[What to produce]
Take every line from the data that has the word "eqVneq" in it.

##### Study material

Lemma Ricci_contraction (R : realType) (G : metric_field R) p j k :
  G p \in unitmx -> (G p)^T = G p -> Ricci G p j k = \sum_(i < 3) Rcoef G p i i j k.
Proof.
move=> Gu Gsym; rewrite /Ricci /Rlow; apply: eq_bigr => i _.
have dual l : \sum_(t < 3) G p l t * invmx (G p) i t = (l == i)%:R.
  have := congr1 (fun M : 'M[R]_3 => M l i) (mulmxV Gu).
  by rewrite -{2}Gsym -trmx_inv !mxE => <-; apply: eq_bigr => t _; rewrite !mxE.
transitivity (\sum_(l < 3) Rcoef G p l i j k * (l == i)%:R).
  under eq_bigr do rewrite mulr_sumr.
  rewrite exchange_big /=; apply: eq_bigr => l _; rewrite -dual mulr_sumr.
  by apply: eq_bigr => t _; ring.
by rewrite (bigD1 i) //= big1 => [|l /negbTE ->]; rewrite ?mulr0 // eqxx mulr1 addr0.
Qed.

Section DiagonalMetric.
Variable R : realType.

Definition diag_metric (w : 'I_3 -> pt R -> R) : metric_field R :=
  fun q => \matrix_(i, j) if i == j then w i q else 0.

Definition twice_derivable_at (f : pt R -> R) (p : pt R) : Prop :=
  (forall m, derivable f p (ev R m)) /\ (forall i m, derivable (pd i f) p (ev R m)).

Variable w : 'I_3 -> pt R -> R.

Lemma pd_diag_metric i j l q :
  pd i (fun q => diag_metric w q j l) q = if j == l then pd i (w j) q else 0.
Proof.
have -> : (fun q => diag_metric w q j l) = if j == l then w j else cst 0.
  by apply: funext => q'; rewrite mxE; case: ifP.
by case: ifP => // _; rewrite /pd derive_cst.
Qed.

Lemma Gamma_diag q k i j : (forall l, w l q != 0) ->
  Gamma (diag_metric w) q k i j
  = diag_christoffel (fun l => w l q) (fun i l => pd i (w l) q) k i j.
Proof.
move=> w0; rewrite /Gamma invmx_diag //.
rewrite (bigD1 k) //= big1 ?addr0 => [|l lk]; last by rewrite mxE eq_sym (negbTE lk) mul0r.
by rewrite mxE eqxx !pd_diag_metric.
Qed.
(* Let c1, c2 be the leading coefficients of L1, L2 at their exact orders
   r1, r2.  Differentiating L1 f = 0 and L2 f = 0 shows that, for a + b <= A
   and b + r1 <= B + 1, the series c1^A c2^B D1^a D2^b f is a K[x1,x2]-linear
   combination of the r1 r2 derivatives D1^i D2^j f (i < r1, j < r2) whose
   coefficients have degree at most d (A + B).  With A = rL + r1 r2 and
   B = rL + r1 - 1, this applies to Q D1^k g, Q = c1^A c2^B, for all
   k <= r1 r2.  These r1 r2 + 1 coordinate vectors of length r1 r2 admit a
   nonzero polynomial relation whose entries are minors (Cramer's rule), so of
   bounded degree; it gives A1 with Q A1(g) = 0, hence A1(g) = 0 because
   K[[x1,x2]] is a domain.  A2 follows by exchanging x1 and x2. *)

Section PolynomialAction.
Variable K : fieldType.
Local Notation S := (series2 K).
Local Notation P := {mpoly K[2]}.
Implicit Types (p q : P) (h : S) (m : 'X_{1..2}).

Lemma series_ext (f g : S) : (forall i j, f i j = g i j) -> f = g.
Proof. by move=> fg; apply/funext => i; apply/funext => j; apply: fg. Qed.

Lemma series_sumE (I : Type) (r : seq I) (Pr : pred I) (F : I -> S) i j :
  (\sum_(x <- r | Pr x) F x) i j = \sum_(x <- r | Pr x) F x i j.
Proof. by rewrite !fct_sumE. Qed.

Lemma series_addE (f g : S) i j : (f + g) i j = f i j + g i j.
Proof. by []. Qed.

Lemma series0E i j : (0 : S) i j = 0.
Proof. by []. Qed.

Definition sscale (c : K) h : S := fun i j => c * h i j.

Lemma sscaleD c h1 h2 : sscale c (h1 + h2) = sscale c h1 + sscale c h2.
Proof. by apply: series_ext => i j; rewrite /sscale !series_addE mulrDr. Qed.

Definition mdvd m i j := (m ord0 <= i)%N && (m ord_max <= j)%N.

Definition pmul_term h m (c : K) i j :=
  if mdvd m i j then c * h (i - m ord0)%N (j - m ord_max)%N else 0.

Lemma pmulE p h i j : pmul p h i j = \sum_(m <- msupp p) pmul_term h m p@_m i j.
Proof. by []. Qed.

Lemma pmul_msizeE k p h i j : (msize p <= k)%N ->
  pmul p h i j = \sum_(m : 'X_{1..2 < k}) pmul_term h m p@_m i j.
Proof.
move=> le_pk; rewrite pmulE (big_mksub 'X_{1..2 < k}) //=; first last.
- by move=> m /msize_mdeg_lt /leq_trans; apply.
- exact: msupp_uniq.
by rewrite big_rmcond //= => m /memN_msupp_eq0 ->; rewrite /pmul_term mul0r if_same.
Qed.

Lemma pmulDl p q h : pmul (p + q) h = pmul p h + pmul q h.
Proof.
apply: series_ext => i j; pose k := maxn (msize p) (msize q).
have le_pk : (msize p <= k)%N := leq_maxl _ _.
have le_qk : (msize q <= k)%N := leq_maxr _ _.
have le_pqk : (msize (p + q) <= k)%N by rewrite (leq_trans (msizeD_le _ _)).
rewrite series_addE (pmul_msizeE _ _ _ le_pqk) (pmul_msizeE _ _ _ le_pk).
rewrite (pmul_msizeE _ _ _ le_qk) -big_split /=.
by apply: eq_bigr => m _; rewrite /pmul_term mcoeffD; case: ifP; rewrite ?mulrDl ?addr0.
Qed.

Lemma pmul0l h : pmul 0 h = 0.
Proof. by apply: series_ext => i j; rewrite pmulE msupp0 big_nil. Qed.

Lemma pmulNl p h : pmul (- p) h = - pmul p h.
Proof. by apply/eqP; rewrite -subr_eq0 opprK -pmulDl addNr pmul0l. Qed.

Lemma pmul_suml (I : Type) (r : seq I) (Pr : pred I) (F : I -> P) h :
  pmul (\sum_(x <- r | Pr x) F x) h = \sum_(x <- r | Pr x) pmul (F x) h.
Proof. by elim/big_rec2: _ => [|x a b _ <-]; rewrite ?pmul0l ?pmulDl. Qed.

Lemma pmulDr p h1 h2 : pmul p (h1 + h2) = pmul p h1 + pmul p h2.
Proof.
apply: series_ext => i j; rewrite series_addE !pmulE -big_split /=.
by apply: eq_bigr => m _; rewrite /pmul_term; case: ifP; rewrite ?series_addE ?mulrDr ?addr0.
Qed.

Lemma pmul0r p : pmul p 0 = 0.
Proof.
apply: series_ext => i j; rewrite pmulE big1 // => m _.
by rewrite /pmul_term series0E mulr0 if_same.
Qed.

Lemma pmulNr p h : pmul p (- h) = - pmul p h.
Proof. by apply/eqP; rewrite -subr_eq0 opprK -pmulDr addNr pmul0r. Qed.

Lemma pmul_sumr (I : Type) (r : seq I) (Pr : pred I) (F : I -> S) p :
  pmul p (\sum_(x <- r | Pr x) F x) = \sum_(x <- r | Pr x) pmul p (F x).
Proof. by elim/big_rec2: _ => [|x a b _ <-]; rewrite ?pmul0r ?pmulDr. Qed.

Lemma pmulZl c p h : pmul (c *: p) h = sscale c (pmul p h).
Proof.
apply: series_ext => i j; rewrite /sscale (pmul_msizeE _ _ _ (msizeZ_le p c)).
rewrite (pmul_msizeE _ _ _ (leqnn _)) mulr_sumr.
by apply: eq_bigr => m _; rewrite /pmul_term mcoeffZ; case: ifP; rewrite ?mulr0 ?mulrA.
Qed.

Lemma pmul_sscaler c p h : pmul p (sscale c h) = sscale c (pmul p h).
Proof.
apply: series_ext => i j; rewrite /sscale !pmulE mulr_sumr.
by apply: eq_bigr => m _; rewrite /pmul_term; case: ifP => _; rewrite ?mulr0 // mulrCA.
Qed.

Lemma pmulX m h i j :
  pmul 'X_[m] h i j = if mdvd m i j then h (i - m ord0)%N (j - m ord_max)%N else 0.
Proof. by rewrite pmulE msuppX big_seq1 /pmul_term mcoeffX eqxx mul1r. Qed.

Lemma pmul1 h : pmul 1 h = h.
Proof. by apply: series_ext => i j; rewrite -mpolyX0 pmulX /mdvd !mnm0E !subn0. Qed.

Lemma mdvdD m m' i j :
  mdvd (m + m')%MM i j = mdvd m' i j && mdvd m (i - m' ord0) (j - m' ord_max).
Proof.
rewrite /mdvd !mnmDE -andbA.
by apply/andP/and4P => [[? ?]|[? ? ? ?]]; split; lia.
Qed.

Lemma pmulMX p m h : pmul (p * 'X_[m]) h = pmul p (pmul 'X_[m] h).
Proof.
apply: series_ext => i j; rewrite pmulE (perm_big _ (msuppMX p m)) big_map pmulE.
apply: eq_bigr => m' _; rewrite /pmul_term mcoeffMX pmulX mdvdD !mnmDE.
case: (mdvd m' i j); rewrite ?mulr0 //=.
by case: ifP; rewrite ?mulr0 // -!subnDA !(addnC (m' _)).
Qed.

Lemma pmulM p q h : pmul (p * q) h = pmul p (pmul q h).
Proof.
rewrite [q in LHS]mpolyE [q in RHS]mpolyE mulr_sumr !pmul_suml pmul_sumr.
by apply: eq_bigr => m _; rewrite -scalerAr !pmulZl pmul_sscaler pmulMX.
Qed.

Lemma pmulCA p q h : pmul p (pmul q h) = pmul q (pmul p h).
Proof. by rewrite -!pmulM mulrC. Qed.

End PolynomialAction.

Section Derivatives.
Variable K : fieldType.
Local Notation S := (series2 K).
Local Notation P := {mpoly K[2]}.
Implicit Types (p : P) (h : S) (m : 'X_{1..2}).

Lemma D1D h1 h2 : D1 (h1 + h2) = D1 h1 + D1 h2.
Proof. by apply: series_ext => i j; rewrite /D1 !series_addE mulrDr. Qed.

Lemma D2D h1 h2 : D2 (h1 + h2) = D2 h1 + D2 h2.
Proof. by apply: series_ext => i j; rewrite /D2 !series_addE mulrDr. Qed.

Lemma D10 : D1 (0 : S) = 0.
Proof. by apply: series_ext => i j; rewrite /D1 !series0E mulr0. Qed.

Lemma D20 : D2 (0 : S) = 0.
Proof. by apply: series_ext => i j; rewrite /D2 !series0E mulr0. Qed.

Lemma D1_sum (I : Type) (r : seq I) (Pr : pred I) (F : I -> S) :
  D1 (\sum_(x <- r | Pr x) F x) = \sum_(x <- r | Pr x) D1 (F x).
Proof. exact: (big_morph _ D1D D10). Qed.

Lemma D2_sum (I : Type) (r : seq I) (Pr : pred I) (F : I -> S) :
  D2 (\sum_(x <- r | Pr x) F x) = \sum_(x <- r | Pr x) D2 (F x).
Proof. exact: (big_morph _ D2D D20). Qed.

Lemma D1_sscale c h : D1 (sscale c h) = sscale c (D1 h).
Proof. by apply: series_ext => i j; rewrite /D1 /sscale mulrCA. Qed.

Lemma D2_sscale c h : D2 (sscale c h) = sscale c (D2 h).
Proof. by apply: series_ext => i j; rewrite /D2 /sscale mulrCA. Qed.

Lemma D1D2 h : D1 (D2 h) = D2 (D1 h).
Proof. by apply: series_ext => i j; rewrite /D1 /D2 mulrCA. Qed.

Lemma iterD1D2 a b h :
  iter a (@D1 K) (iter b (@D2 K) h) = iter b (@D2 K) (iter a (@D1 K) h).
Proof.
have D2_iterD1 k h' : D2 (iter k (@D1 K) h') = iter k (@D1 K) (D2 h').
  by elim: k => //= k IH; rewrite -D1D2 IH.
by elim: b => //= b <-; rewrite D2_iterD1.
Qed.

Lemma D1_pmulX m h :
  D1 (pmul 'X_[m] h) = pmul ('X_[m]^`M(ord0)) h + pmul 'X_[m] (D1 h).
Proof.
apply: series_ext => i j.
rewrite mderivX pmulZl series_addE /sscale /D1 !pmulX /mdvd !mnmBE !mnm1E /=.
case: (m ord0) => [|a]; rewrite ?subn0.
  by rewrite mul0r add0r; case: ifP; rewrite ?mulr0.
rewrite !subSS subn0 ltnS.
case: (leqP (m ord_max) j) => hb; rewrite ?andbT ?andbF ?mulr0 ?addr0 //.
case: (ltngtP a i) => hai.
- rewrite subnSK // -mulrDl -natrD; congr (_%:R * _); lia.
- by rewrite !mulr0 addr0.
- by rewrite hai addr0.
Qed.

Lemma D2_pmulX m h :
  D2 (pmul 'X_[m] h) = pmul ('X_[m]^`M(ord_max)) h + pmul 'X_[m] (D2 h).
Proof.
apply: series_ext => i j.
rewrite mderivX pmulZl series_addE /sscale /D2 !pmulX /mdvd !mnmBE !mnm1E /=.
case: (m ord_max) => [|a]; rewrite ?subn0.
  by rewrite mul0r add0r; case: ifP; rewrite ?mulr0.
rewrite !subSS subn0 ltnS.
case: (leqP (m ord0) i) => hb; rewrite ?andbF ?mulr0 ?addr0 //=.
case: (ltngtP a j) => haj.
- rewrite subnSK // -mulrDl -natrD; congr (_%:R * _); lia.
- by rewrite !mulr0 addr0.
- by rewrite haj addr0.
Qed.

Lemma D1_pmul p h : D1 (pmul p h) = pmul (p^`M(ord0)) h + pmul p (D1 h).
Proof.
rewrite [p in LHS]mpolyE [p in pmul p (D1 h)]mpolyE [p in p^`M(_)]mpolyE.
rewrite raddf_sum !pmul_suml D1_sum -big_split /=.
by apply: eq_bigr => m _; rewrite mderivZ !pmulZl D1_sscale D1_pmulX sscaleD.
Qed.

Lemma D2_pmul p h : D2 (pmul p h) = pmul (p^`M(ord_max)) h + pmul p (D2 h).
Proof.
rewrite [p in LHS]mpolyE [p in pmul p (D2 h)]mpolyE [p in p^`M(_)]mpolyE.
rewrite raddf_sum !pmul_suml D2_sum -big_split /=.
by apply: eq_bigr => m _; rewrite mderivZ !pmulZl D2_sscale D2_pmulX sscaleD.
Qed.

End Derivatives.

Section DegreeBound.
Variables (R : idomainType) (n : nat).
Implicit Types (p q : {mpoly R[n]}).

Definition deg_le p d := (msize p <= d.+1)%N.

Lemma deg_le0 d : deg_le 0 d.
Proof. by rewrite /deg_le msize0. Qed.

Lemma deg_le1 d : deg_le 1 d.
Proof. by rewrite /deg_le msizeC oner_neq0. Qed.

Lemma deg_leW p d e : (d <= e)%N -> deg_le p d -> deg_le p e.
Proof. by rewrite /deg_le => le_de /leq_trans; apply; rewrite ltnS. Qed.

Lemma deg_leD p q d : deg_le p d -> deg_le q d -> deg_le (p + q) d.
Proof. by move=> dp dq; apply: leq_trans (msizeD_le _ _) _; rewrite geq_max; apply/andP. Qed.

Lemma deg_leN p d : deg_le (- p) d = deg_le p d.
Proof. by rewrite /deg_le msizeN. Qed.

Lemma deg_leZ c p d : deg_le p d -> deg_le (c *: p) d.
Proof. exact/leq_trans/msizeZ_le. Qed.

Lemma deg_leMn p k d : deg_le p d -> deg_le (p *+ k) d.
Proof. by rewrite -scaler_nat; apply: deg_leZ. Qed.

Lemma deg_leM p q d e : deg_le p d -> deg_le q e -> deg_le (p * q) (d + e).
Proof.
have [->|nz_p] := eqVneq p 0; first by rewrite mul0r => _ _; apply: deg_le0.
have [->|nz_q] := eqVneq q 0; first by rewrite mulr0 => _ _; apply: deg_le0.
by rewrite /deg_le msizeM // => dp dq; lia.
Qed.

Lemma deg_leX p d k : deg_le p d -> deg_le (p ^+ k) (d * k).
Proof.
move=> dp; elim: k => [|k IH]; first by rewrite expr0 deg_le1.
by rewrite exprS mulnS; apply: deg_leM.
Qed.

Lemma deg_le_sum (I : Type) (r : seq I) (Pr : pred I) (F : I -> {mpoly R[n]}) d :
  (forall x, Pr x -> deg_le (F x) d) -> deg_le (\sum_(x <- r | Pr x) F x) d.
Proof.
move=> dF; apply: (big_ind (deg_le^~ d)) => //; first exact: deg_le0.
by move=> x y dx dy; apply: (deg_leD dx dy).
Qed.

Lemma deg_le_prod m (G : 'I_m -> {mpoly R[n]}) d :
  (forall i, deg_le (G i) d) -> deg_le (\prod_(i < m) G i) (m * d).
Proof.
elim: m G => [|m IH] G dG; first by rewrite big_ord0 deg_le1.
by rewrite big_ord_recr mulSn addnC; apply: deg_leM => //; apply: IH.
Qed.

Lemma msize_mderiv i p : (msize p^`M(i) <= msize p)%N.
Proof.
rewrite [X in (X <= _)%N]msizeE; apply/bigmax_leqP_seq => m.
rewrite mcoeff_msupp mcoeff_mderiv => nz_m _.
have : (m + U_(i))%MM \in msupp p.
  by rewrite mcoeff_msupp; apply: contraNneq nz_m => ->; rewrite mul0rn.
by move/msize_mdeg_lt; rewrite mdegD mdeg1 addn1 => /ltnW.
Qed.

##########

[Task output]
have [->|nz_p] := eqVneq p 0; first by rewrite mul0r => _ _; apply: deg_le0.
have [->|nz_q] := eqVneq q 0; first by rewrite mulr0 => _ _; apply: deg_le0.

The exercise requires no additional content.